From mathcomp Require Import all_boot zify.
From Stdlib Require Import Classical ClassicalEpsilon.
Set Implicit Arguments. Unset Strict Implicit. Unset Printing Implicit Defensive.

(* The endpoints S of a maximum matching form a vertex cover with at most 2N
   vertices, so outside S a graph only has loops and edges into S.  Hence it is
   described by the adjacency inside S together with, for each of the finitely
   many profiles (loop bit, neighbours in S), the number of outside vertices with
   that profile.  Collapsing outside vertices of equal profile is a strong
   surjective homomorphism, so a graph is a strong homomorphic image of any graph
   with the same adjacency on S, the same inhabited profiles and at least as many
   vertices of each profile.  Dickson's lemma on these class sizes, labelled by
   the finite remaining data, finds in every sequence some i < j with g i a strong
   image of g j: there is no infinite antichain.  There is no infinite strictly
   descending chain either: a surjective homomorphism that is not an isomorphism
   loses vertices or, being bijective, gains edges. *)

Lemma ex_argmin_after (f : nat -> nat) (a : nat) :
  exists n, a < n /\ forall k, a < k -> f n <= f k.
Proof.
suff min_below v : forall n, a < n -> f n <= v ->
    exists m, a < m /\ forall k, a < k -> f m <= f k.
  exact: (min_below (f a.+1) a.+1).
elim/ltn_ind: v => v IH n an fnv.
have [[k ak fkn] | nok] := classic (exists2 k, a < k & f k < f n).
  exact: IH (f k) (leq_trans fkn fnv) k ak (leqnn _).
by exists n; split=> // k ak; rewrite leqNgt; apply/negP => fkn; apply: nok; exists k.
Qed.

Lemma ex_nondecreasing_subseq (f : nat -> nat) :
  exists2 t : nat -> nat, {homo t : m n / m < n} & {homo f \o t : m n / m <= n}.
Proof.
pose argmin a := constructive_indefinite_description _ (ex_argmin_after f a).
pose next a := proj1_sig (argmin a).
have next_gt a : a < next a by case: (proj2_sig (argmin a)).
have next_min a k : a < k -> f (next a) <= f k by case: (proj2_sig (argmin a)) => _; apply.
exists (fun n => iter n.+1 next 0).
  by apply: homo_ltn => [? ? ? /ltn_trans|n]; [apply | apply: next_gt].
apply: homo_leq => [//|? ? ? /leq_trans|n /=]; first by apply.
exact/next_min/(ltn_trans (next_gt _) (next_gt _)).
Qed.

Lemma ex_nondecreasing_subseq_on (I : eqType) (x : nat -> I -> nat) (cs : seq I) :
  exists2 s : nat -> nat, {homo s : m n / m < n} &
    forall c, c \in cs -> {homo (fun n => x (s n) c) : m n / m <= n}.
Proof.
elim: cs => [|c cs [s s_incr s_mono]]; first by exists id.
have [t t_incr t_mono] := ex_nondecreasing_subseq (fun n => x (s n) c).
have t_homo : {homo t : m n / m <= n}.
  by move=> m n; rewrite leq_eqVlt => /predU1P [-> // | /t_incr/ltnW].
exists (s \o t) => [m n mn | c']; first exact/s_incr/t_incr.
rewrite inE => /predU1P [-> // | c'cs] m n mn.
exact/s_mono/t_homo.
Qed.

Lemma dickson (I : finType) (x : nat -> I -> nat) :
  exists i j, i < j /\ forall c, x i c <= x j c.
Proof.
have [s s_incr s_mono] := ex_nondecreasing_subseq_on x (enum I).
by exists (s 0), (s 1); split=> [|c]; [exact: s_incr | apply: s_mono; rewrite ?mem_enum].
Qed.

Lemma dickson_labelled (L I : finType) (lab : nat -> L) (x : nat -> I -> nat) :
  exists i j, [/\ i < j, lab i = lab j & forall c, x i c <= x j c].
Proof.
pose y n (c : I + L) := match c with inl c => x n c | inr l => nat_of_bool (lab n == l) end.
have [i [j [ij le_y]]] := dickson y.
exists i, j; split=> // [|c]; last exact: le_y (inl c).
(* the indicator coordinate [lab n == lab i] forces equal labels *)
by have := le_y (inr (lab i)); rewrite /= eqxx; case: eqP.
Qed.

Lemma no_lex_descent (v w : nat -> nat) :
  ~ (forall n, v n.+1 < v n \/ v n.+1 = v n /\ w n.+1 < w n).
Proof.
move: v w; suff: forall a b v w, v 0 = a -> w 0 = b ->
    ~ (forall n, v n.+1 < v n \/ v n.+1 = v n /\ w n.+1 < w n) by move=> + v w; apply.
elim/ltn_ind => a IHa; elim/ltn_ind => b IHb v w va wb step.
have step_shift n := step n.+1.
have [v1 | [v1 w1]] := step 0.
  by apply: (IHa (v 1) _ (w 1) (fun n => v n.+1) (fun n => w n.+1) _ _ step_shift); rewrite -?va.
by apply: (IHb (w 1) _ (fun n => v n.+1) (fun n => w n.+1) _ _ step_shift); rewrite -?wb -?va.
Qed.

Definition ecount (G : fgr) := #|[set p : G * G | edge p.1 p.2]|.

Lemma ecount_le (G : fgr) : ecount G <= #|G| ^ 2.
Proof. by rewrite /ecount -mulnn -card_prod; apply: max_card. Qed.

Lemma strong_hom_le_hom_le (A B : fgr) : strong_hom_le A B -> hom_le A B.
Proof. by case=> f [[f_hom _] f_surj]; exists f. Qed.

Lemma imset_surj (A B : finType) (f : A -> B) : surj f -> f @: setT = setT.
Proof.
by move=> f_surj; apply/setP => b; rewrite inE; have [a <-] := f_surj b; rewrite imset_f.
Qed.

Lemma surj_card (A B : finType) (f : A -> B) : surj f -> #|B| <= #|A|.
Proof.
by move=> f_surj; rewrite -cardsT -(imset_surj f_surj) -[#|A|]cardsT leq_imset_card.
Qed.

Lemma surj_card_inj (A B : finType) (f : A -> B) :
  surj f -> #|A| <= #|B| -> injective f.
Proof.
move=> f_surj le_AB x y; apply: (imset_injP _ x y); rewrite ?inE //.
by rewrite imset_surj // !cardsT eqn_leq le_AB (surj_card f_surj).
Qed.

Lemma ecount_inj_hom (A B : fgr) (f : A -> B) :
  is_hom f -> injective f -> ecount A <= ecount B.
Proof.
move=> f_hom f_inj; pose f2 (p : A * A) := (f p.1, f p.2).
have f2_inj : injective f2 by move=> [? ?] [? ?] [/f_inj -> /f_inj ->].
rewrite /ecount -(card_imset _ f2_inj); apply/subset_leq_card/subsetP => q.
by case/imsetP=> p; rewrite inE => /f_hom ? ->; rewrite inE.
Qed.

Lemma inv_hom_ecount (A B : fgr) (f : A -> B) (g : B -> A) :
  is_hom f -> cancel f g -> cancel g f -> ecount B <= ecount A -> is_hom g.
Proof.
move=> f_hom fK gK le_BA u v uv; pose f2 (p : A * A) := (f p.1, f p.2).
have f2_inj : injective f2 by move=> [? ?] [? ?] [/(can_inj fK) -> /(can_inj fK) ->].
set EA := [set p : A * A | edge p.1 p.2]; set EB := [set p : B * B | edge p.1 p.2].
have f2_EA : f2 @: EA = EB.
  apply/eqP; rewrite eqEcard card_imset // le_BA andbT.
  by apply/subsetP => q /imsetP [p]; rewrite inE => /f_hom ? ->; rewrite inE.
have : (u, v) \in f2 @: EA by rewrite f2_EA inE.
by case/imsetP=> -[x y]; rewrite inE => xy [-> ->]; rewrite !fK.
Qed.

Lemma hom_le_descent (A B : fgr) : hom_le B A ->
  #|B| < #|A| \/ #|B| = #|A| /\ ecount A < ecount B \/ strong_hom_le A B.
Proof.
case=> f [f_hom f_surj].
have := surj_card f_surj; rewrite leq_eqVlt => /predU1P [eq_AB | ]; last by left.
have f_inj := surj_card_inj f_surj (eq_leq (esym eq_AB)).
have := ecount_inj_hom f_hom f_inj.
rewrite leq_eqVlt => /predU1P [eq_ecount | ]; last by right; left.
right; right; have [g fK gK] := inj_card_bij f_inj (eq_leq eq_AB).
exists g; split=> [|a]; last by exists (f a).
split=> [|u v _ _ uv]; first exact: inv_hom_ecount f_hom fK gK (eq_leq (esym eq_ecount)).
by exists (f u), (f v); rewrite !fK; split=> //; apply: f_hom.
Qed.

Lemma no_hom_descent (C : fgr -> Prop) (le : fgr -> fgr -> Prop) :
  (forall A B, le A B -> hom_le A B) -> (forall A B, strong_hom_le A B -> le A B) ->
  ~ exists g : nat -> fgr, (forall n, C (g n)) /\
      forall n, le (g n.+1) (g n) /\ ~ le (g n) (g n.+1).
Proof.
move=> le_hom strong_le [g [_ g_desc]].
apply: (@no_lex_descent (fun n => #|g n|) (fun n => #|g n| ^ 2 - ecount (g n))) => n.
have [/le_hom/hom_le_descent] := g_desc n.
case=> [lt | [[eq_card lt_e] | /strong_le //]]; [by left | right].
by split=> //; have := ecount_le (g n.+1); rewrite eq_card; lia.
Qed.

→ **Your task**: Reply with nothing but the number of lines in the data above that contain "vertices".

→ **Answer section**: 5